▸ **What the exercise asks**: Report how many lines in the records hold the string "hwlog"; give the number and nothing else.

Saved entries

(* Let $\mathcal{A}=\{1,\dots,m\}$, $\mathcal{B}=\{1,\dots,n\}$ and $\phi:\mathcal{A}\times\mathcal{B}\to\mathbb{R}^d$ with $\|\phi(a,b)\|_2\le L$. Let $\mu^*\in\Delta(\mathcal{A}),\nu^*\in\Delta(\mathcal{B})$ with $\min_{a,b}\{\mu^*(a),\nu^*(b)\}\ge\xi>0$, and let $\hat\mu\in\Delta(\mathcal{A}),\hat\nu\in\Delta(\mathcal{B})$ satisfy $\|\hat\mu-\mu^*\|_1\le\epsilon_\mu$ and $\|\hat\nu-\nu^*\|_1\le\epsilon_\nu$ with $\epsilon_\mu<\xi/2$ and $\epsilon_\nu<\xi/2$. Let $\epsilon_N=\epsilon_\mu+\epsilon_\nu$, $\hat X=X(\hat\mu,\hat\nu)$, $X^*=X(\mu^*,\nu^* )$, $\hat y=y(\hat\mu,\hat\nu)$, $y^*=y(\mu^*,\nu^* )$. Then $$\|\hat X-X^*\|_{op}\le C_X\epsilon_N,\qquad\|\hat y-y^*\|_2\le C_Y\epsilon_N,$$ with $C_X=2L\sqrt{m+n}$ and $C_Y=\sqrt{8(m+n)}/\xi$.
   Context: For full-support $\mu,\nu$: $A(\nu)\in\mathbb{R}^{(m-1)\times d}$ has row $a-1$ ($a=2,\dots,m$) equal to $\sum_{b'\in\mathcal{B}}\nu(b')(\phi(a,b')-\phi(1,b'))^\top$; $B(\mu)\in\mathbb{R}^{(n-1)\times d}$ has row $b-1$ ($b=2,\dots,n$) equal to $\sum_{a'\in\mathcal{A}}\mu(a')(\phi(a',1)-\phi(a',b))^\top$; $c(\mu)_{a-1}=\log(\mu(a)/\mu(1))$; $d(\nu)_{b-1}=\log(\nu(b)/\nu(1))$; $X(\mu,\nu)=[A(\nu)^\top,B(\mu)^\top]^\top$ and $y(\mu,\nu)=[c(\mu)^\top,d(\nu)^\top]^\top$. $\|\cdot\|_{op}$ is the spectral norm. In the paper, $\hat\mu,\hat\nu$ are empirical frequency estimates of the QRE $(\mu^*,\nu^* )$ and the hypotheses hold on the high-probability event of the policy-estimation lemma. *)

From HB Require Import structures.
From mathcomp Require Import all_boot all_order all_algebra.
From mathcomp Require Import classical_sets reals exp.
Set Implicit Arguments. Unset Strict Implicit. Unset Printing Implicit Defensive.
Import Order.TTheory GRing.Theory Num.Theory.
Local Open Scope ring_scope.
Local Open Scope classical_set_scope.

Section Defs.
Variable R : realType.

Definition vnorm2 k (v : 'cV[R]_k) : R := Num.sqrt (\sum_i (v i 0) ^+ 2).

Definition opnorm p q (M : 'M[R]_(p, q)) : R :=
  sup [set vnorm2 (M *m v) | v in [set v : 'cV[R]_q | vnorm2 v <= 1]].

Definition is_distr (T : finType) (p : T -> R) : Prop :=
  (forall t, 0 <= p t) /\ \sum_t p t = 1.

Definition l1dist (T : finType) (p q : T -> R) : R := \sum_t `|p t - q t|.

(* Action sets A = 'I_m.+1, B = 'I_n.+1; the paper's action "1" is ord0,
   action a = 2..m corresponds to lift ord0 i with i : 'I_m (row a-1 = i). *)
Variables (m n d : nat) (phi : 'I_m.+1 -> 'I_n.+1 -> 'cV[R]_d).

Definition Amat (nu : 'I_n.+1 -> R) : 'M[R]_(m, d) :=
  \matrix_(i < m) (\sum_b nu b *: (phi (lift ord0 i) b - phi ord0 b)^T).

Definition Bmat (mu : 'I_m.+1 -> R) : 'M[R]_(n, d) :=
  \matrix_(j < n) (\sum_a mu a *: (phi a ord0 - phi a (lift ord0 j))^T).

Definition cvec (mu : 'I_m.+1 -> R) : 'cV[R]_m :=
  \col_(i < m) ln (mu (lift ord0 i) / mu ord0).

Definition dvec (nu : 'I_n.+1 -> R) : 'cV[R]_n :=
  \col_(j < n) ln (nu (lift ord0 j) / nu ord0).

Definition Xmat (mu : 'I_m.+1 -> R) (nu : 'I_n.+1 -> R) : 'M[R]_(m + n, d) :=
  col_mx (Amat nu) (Bmat mu).

Definition yvec (mu : 'I_m.+1 -> R) (nu : 'I_n.+1 -> R) : 'cV[R]_(m + n) :=
  col_mx (cvec mu) (dvec nu).

End Defs.

From HB Require Import structures.
From mathcomp Require Import all_boot all_order all_algebra.
From mathcomp Require Import classical_sets reals exp.
From mathcomp Require Import ring lra zify.
Import Order.TTheory GRing.Theory Num.Theory.
Set Implicit Arguments. Unset Strict Implicit. Unset Printing Implicit Defensive.
Local Open Scope ring_scope.

(* An entry of (X(mu', nu') - X(mu, nu)) v is a sum of the weights nu' b - nu b
   (or mu' a - mu a) against differences of two inner products <phi a b, v>,
   each at most L by Cauchy-Schwarz when |v| <= 1, hence it is at most
   2 L |nu' - nu|_1; the rows of B are, up to sign, those of A for the
   transposed feature map. For y, the l1 bound keeps every probability above
   xi / 2, where ln is (2 / xi)-Lipschitz, and a difference of log-ratios
   involves only two coordinates of the l1 distance. Bounding all m + n entries
   by the same quantity gives the factor sqrt (m + n). *)

Section EuclideanNorm.
Variable R : realType.

Definition vdot k (u v : 'cV[R]_k) : R := \sum_i u i 0 * v i 0.

Lemma vnorm2_ge0 k (u : 'cV[R]_k) : 0 <= vnorm2 u.
Proof. exact: sqrtr_ge0. Qed.

Lemma vnorm2_0 k : vnorm2 (0 : 'cV[R]_k) = 0.
Proof. by rewrite /vnorm2 big1 ?sqrtr0 // => i _; rewrite mxE expr0n. Qed.

Lemma sum_mul_sqr_le (I : finType) (a b : I -> R) :
  (\sum_i a i * b i) ^+ 2 <= (\sum_i a i ^+ 2) * (\sum_i b i ^+ 2).
Proof.
set S := \sum_i a i * b i; set SA := \sum_i a i ^+ 2; set SB := \sum_i b i ^+ 2.
have lagrange : \sum_i \sum_j (a i * b j - a j * b i) ^+ 2 = 2 * (SA * SB - S ^+ 2).
  transitivity (\sum_i (a i ^+ 2 * SB + b i ^+ 2 * SA - 2 * (a i * b i) * S)).
    apply: eq_bigr => i _; rewrite !mulr_sumr -!big_split -sumrB /=.
    by apply: eq_bigr => j _; ring.
  by rewrite sumrB big_split /= -!mulr_suml -mulr_sumr -/S -/SA -/SB; ring.
suff : 0 <= 2 * (SA * SB - S ^+ 2) by lra.
by rewrite -lagrange; do 2!apply: sumr_ge0 => ? _; exact: sqr_ge0.
Qed.

Lemma normr_vdot_le k (u v : 'cV[R]_k) : `|vdot u v| <= vnorm2 u * vnorm2 v.
Proof.
have sqr_sum_ge0 (w : 'cV[R]_k) : 0 <= \sum_i w i 0 ^+ 2.
  by apply: sumr_ge0 => i _; exact: sqr_ge0.
rewrite /vnorm2 -sqrtrM // -sqrtr_sqr ler_sqrt ?mulr_ge0 //.
exact: sum_mul_sqr_le.
Qed.

Lemma vnorm2_le_entries k (u : 'cV[R]_k) (K : R) : 0 <= K ->
  (forall i, `|u i 0| <= K) -> vnorm2 u <= Num.sqrt k%:R * K.
Proof.
move=> K_ge0 uK; rewrite -[K in _ * K]ger0_norm // -sqrtr_sqr -sqrtrM ?ler0n //.
rewrite ler_sqrt ?mulr_ge0 ?ler0n ?sqr_ge0 // mulr_natl -[k in _ *+ k]card_ord.
rewrite -sumr_const; apply: ler_sum => i _.
by rewrite -real_normK ?num_real //; apply: lerXn2r; rewrite ?nnegrE.
Qed.

Lemma vnorm2_col_mx_le p q (u : 'cV[R]_p) (w : 'cV[R]_q) (K : R) : 0 <= K ->
  (forall i, `|u i 0| <= K) -> (forall j, `|w j 0| <= K) ->
  vnorm2 (col_mx u w) <= Num.sqrt (p + q)%:R * K.
Proof.
move=> K_ge0 uK wK; apply: vnorm2_le_entries => // i.
by rewrite -(splitK i); case: (split i) => j; rewrite /= ?col_mxEu ?col_mxEd.
Qed.

Lemma opnorm_le p q (M : 'M[R]_(p, q)) (K : R) :
  (forall v, vnorm2 v <= 1 -> vnorm2 (M *m v) <= K) -> opnorm M <= K.
Proof.
move=> MK; apply: ge_sup => [|_ [v v_le1 <-]]; last exact: MK.
by exists (vnorm2 (M *m 0)), 0; rewrite //= vnorm2_0 ler01.
Qed.

End EuclideanNorm.

Section LogRatios.
Variable R : realType.

Lemma mul_lnB_le (x y : R) : 0 < x -> 0 < y -> y * (ln x - ln y) <= x - y.
Proof.
move=> x_gt0 y_gt0; rewrite -ln_div ?posrE //.
have -> : x / y = 1 + (x / y - 1) by ring.
have -> : x - y = y * (x / y - 1) by field; rewrite gt_eqF.
by rewrite ler_pM2l //; apply: le_ln1Dx; rewrite ltrBrDr addNr divr_gt0.
Qed.

Lemma normr_lnB_le (c x y : R) : 0 < c -> c <= x -> c <= y ->
  c * `|ln x - ln y| <= `|x - y|.
Proof.
wlog yx : x y / y <= x => [hwlog|c_gt0 cx cy].
  case/orP: (le_total y x) => [/hwlog //|/hwlog hyx c_gt0 cx cy].
  by rewrite distrC (distrC x); exact: hyx.
have y_gt0 := lt_le_trans c_gt0 cy; have x_gt0 := lt_le_trans c_gt0 cx.
have lnyx : 0 <= ln x - ln y by rewrite subr_ge0 ler_ln ?posrE.
rewrite (ger0_norm lnyx) ger0_norm ?subr_ge0 //.
by apply: le_trans (mul_lnB_le x_gt0 y_gt0); rewrite ler_wpM2r.
Qed.

Lemma l1dist_ge0 (T : finType) (p q : T -> R) : 0 <= l1dist p q.
Proof. by apply: sumr_ge0 => t _; exact: normr_ge0. Qed.

Lemma l1dist_ge_norm (T : finType) (p q : T -> R) t : `|p t - q t| <= l1dist p q.
Proof. by rewrite /l1dist (bigD1 t) //= lerDl sumr_ge0. Qed.

Lemma l1dist_ge_norm2 (T : finType) (p q : T -> R) s t : s != t ->
  `|p s - q s| + `|p t - q t| <= l1dist p q.
Proof.
move=> st; rewrite /l1dist (bigD1 s) //= lerD2l (bigD1 t) 1?eq_sym //=.
by rewrite lerDl sumr_ge0.
Qed.

Lemma l1dist_lower_bound (T : finType) (p q : T -> R) (c e : R) :
  (forall t, c <= q t) -> l1dist p q <= e -> forall t, c - e <= p t.
Proof.
move=> qc pqe t; have := l1dist_ge_norm p q t; have := qc t.
rewrite real_lter_distl ?num_real //; lra.
Qed.

Lemma normr_ln_ratioB_le (T : finType) (p q : T -> R) (c : R) s t :
  s != t -> 0 < c -> (forall t, c <= p t) -> (forall t, c <= q t) ->
  c * `|ln (p s / p t) - ln (q s / q t)| <= l1dist p q.
Proof.
move=> st c_gt0 pc qc.
have pos u : 0 < p u /\ 0 < q u by split; apply: lt_le_trans c_gt0 _.
rewrite !ln_div ?posrE ?(pos s).1 ?(pos s).2 ?(pos t).1 ?(pos t).2 //.
have -> : ln (p s) - ln (p t) - (ln (q s) - ln (q t)) =
          (ln (p s) - ln (q s)) - (ln (p t) - ln (q t)) by ring.
apply: le_trans _ (l1dist_ge_norm2 p q st).
apply: le_trans (ler_wpM2l (ltW c_gt0) (ler_normB _ _)) _.
rewrite mulrDr; apply: lerD; exact: normr_lnB_le.
Qed.

Lemma normr_cvecB_le k (p q : 'I_k.+1 -> R) (xi e : R) : 0 < xi ->
  (forall a, xi <= q a) -> l1dist p q <= e -> e < xi / 2 ->
  forall i, `|(cvec p - cvec q) i 0| <= e / (xi / 2).
Proof.
move=> xi_gt0 q_ge pq_le e_lt i.
have c_gt0 : 0 < xi / 2 by rewrite divr_gt0.
have p_ge a : xi / 2 <= p a.
  by apply: le_trans (l1dist_lower_bound q_ge pq_le a); lra.
have q_ge' a : xi / 2 <= q a by have := q_ge a; lra.
rewrite ler_pdivlMr // mulrC !mxE; apply: le_trans pq_le.
by apply: normr_ln_ratioB_le; rewrite // eq_sym neq_lift.
Qed.

End LogRatios.

Section FeatureMatrices.
Variables (R : realType) (m n d : nat) (phi : 'I_m.+1 -> 'I_n.+1 -> 'cV[R]_d).

Lemma Amat_mulmx_entry nu (v : 'cV[R]_d) i :
  (Amat phi nu *m v) i 0 =
  \sum_b nu b * (vdot (phi (lift ord0 i) b) v - vdot (phi ord0 b) v).
Proof.
rewrite mxE /vdot; under [RHS]eq_bigr => b _ do rewrite -sumrB mulr_sumr.
rewrite exchange_big /=; apply: eq_bigr => k _.
rewrite !mxE summxE big_distrl /=; apply: eq_bigr => b _.
by rewrite !mxE; ring.
Qed.

Lemma Bmat_Amat mu : Bmat phi mu = - Amat (fun b a => phi a b) mu.
Proof.
apply/matrixP => j k; rewrite !mxE !summxE -sumrN; apply: eq_bigr => a _.
by rewrite !mxE; ring.
Qed.

Lemma normr_AmatB_mulmx_le (L : R) nu nu' (v : 'cV[R]_d) :
  (forall a b, vnorm2 (phi a b) <= L) -> vnorm2 v <= 1 ->
  forall i, `|((Amat phi nu - Amat phi nu') *m v) i 0| <= 2 * L * l1dist nu nu'.
Proof.
move=> phiL v_le1 i.
have dotL u : vnorm2 u <= L -> `|vdot u v| <= L.
  move=> uL; apply: le_trans (normr_vdot_le u v) _.
  by rewrite -[L]mulr1 ler_pM ?vnorm2_ge0.
rewrite mulmxBl mxE Amat_mulmx_entry mxE Amat_mulmx_entry -sumrB /l1dist mulr_sumr.
apply: le_trans (ler_norm_sum _ _ _) _; apply: ler_sum => b _.
rewrite -mulrBl normrM mulrC ler_wpM2r //.
apply: le_trans (ler_normB _ _) _; rewrite mulr2n mulrDl mul1r.
by apply: lerD; apply: dotL.
Qed.

End FeatureMatrices.

Lemma normr_BmatB_mulmx_le (R : realType) m n d
    (phi : 'I_m.+1 -> 'I_n.+1 -> 'cV[R]_d) (L : R) mu mu' (v : 'cV[R]_d) :
  (forall a b, vnorm2 (phi a b) <= L) -> vnorm2 v <= 1 ->
  forall j, `|((Bmat phi mu - Bmat phi mu') *m v) j 0| <= 2 * L * l1dist mu mu'.
Proof.
move=> phiL v_le1 j; rewrite !Bmat_Amat -opprD mulNmx mxE normrN.
exact: normr_AmatB_mulmx_le.
Qed.

Theorem lemma2 (R : realType) (m n d : nat)
  (phi : 'I_m.+1 -> 'I_n.+1 -> 'cV[R]_d) (L xi eps_mu eps_nu : R)
  (mus muh : 'I_m.+1 -> R) (nus nuh : 'I_n.+1 -> R) :
  (forall a b, vnorm2 (phi a b) <= L) ->
  is_distr mus -> is_distr nus -> is_distr muh -> is_distr nuh ->
  0 < xi ->
  (forall a, xi <= mus a) -> (forall b, xi <= nus b) ->
  l1dist muh mus <= eps_mu -> l1dist nuh nus <= eps_nu ->
  eps_mu < xi / 2 -> eps_nu < xi / 2 ->
  let epsN := eps_mu + eps_nu in
  let CX := 2 * L * Num.sqrt ((m.+1 + n.+1)%:R) in
  let CY := Num.sqrt (8 * (m.+1 + n.+1)%:R) / xi in
  opnorm (Xmat phi muh nuh - Xmat phi mus nus) <= CX * epsN /\
  vnorm2 (yvec muh nuh - yvec mus nus) <= CY * epsN.
Proof.
move=> phiL _ _ _ _ xi_gt0 mus_ge nus_ge dmu dnu mu_lt nu_lt epsN CX CY.
have L_ge0 : 0 <= L := le_trans (vnorm2_ge0 _) (phiL ord0 ord0).
have mu_ge0 : 0 <= eps_mu := le_trans (l1dist_ge0 _ _) dmu.
have nu_ge0 : 0 <= eps_nu := le_trans (l1dist_ge0 _ _) dnu.
have epsN_ge0 : 0 <= epsN by rewrite addr_ge0.
have sqrt_le : Num.sqrt (m + n)%:R <= Num.sqrt (m.+1 + n.+1)%:R :> R.
  by rewrite ler_sqrt ?ler0n // ler_nat; lia.
split.
  apply: opnorm_le => v v_le1; rewrite opp_col_mx add_col_mx mul_col_mx.
  have K_ge0 : 0 <= 2 * L * epsN by rewrite !mulr_ge0.
  apply: le_trans (vnorm2_col_mx_le K_ge0 _ _) _.
  - move=> i; apply: le_trans (normr_AmatB_mulmx_le _ _ phiL v_le1 i) _.
    by rewrite ler_wpM2l ?mulr_ge0 // (le_trans dnu) // lerDr.
  - move=> j; apply: le_trans (normr_BmatB_mulmx_le _ _ phiL v_le1 j) _.
    by rewrite ler_wpM2l ?mulr_ge0 // (le_trans dmu) // lerDl.
  - by have := ler_wpM2r K_ge0 sqrt_le; rewrite /CX; nra.
rewrite opp_col_mx add_col_mx.
have c_gt0 : 0 < xi / 2 by rewrite divr_gt0.
have K_ge0 : 0 <= epsN / (xi / 2) by rewrite divr_ge0 ?(ltW c_gt0).
apply: le_trans (vnorm2_col_mx_le K_ge0 _ _) _.
- move=> i; apply: le_trans (normr_cvecB_le xi_gt0 mus_ge dmu mu_lt i) _.
  by rewrite ler_pM2r ?invr_gt0 // /epsN lerDl.
- (* [dvec] is convertible to [cvec]. *)
  move=> j; apply: le_trans (normr_cvecB_le xi_gt0 nus_ge dnu nu_lt j) _.
  by rewrite ler_pM2r ?invr_gt0 // /epsN lerDr.
have sqrt8 : 2 * Num.sqrt (m + n)%:R <= Num.sqrt (8 * (m.+1 + n.+1)%:R) :> R.
  have -> : 2 = Num.sqrt (2 ^+ 2) :> R by rewrite sqrtr_sqr ger0_norm.
  rewrite -sqrtrM ?sqr_ge0 // ler_sqrt ?mulr_ge0 ?ler0n //.
  by rewrite -natrX -!natrM ler_nat; lia.
have -> : epsN / (xi / 2) = 2 * (epsN / xi) by field; rewrite gt_eqF.
by have := ler_wpM2r (divr_ge0 epsN_ge0 (ltW xi_gt0)) sqrt8; rewrite /CY; lra.
Qed.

▸ **Exercise result**: 2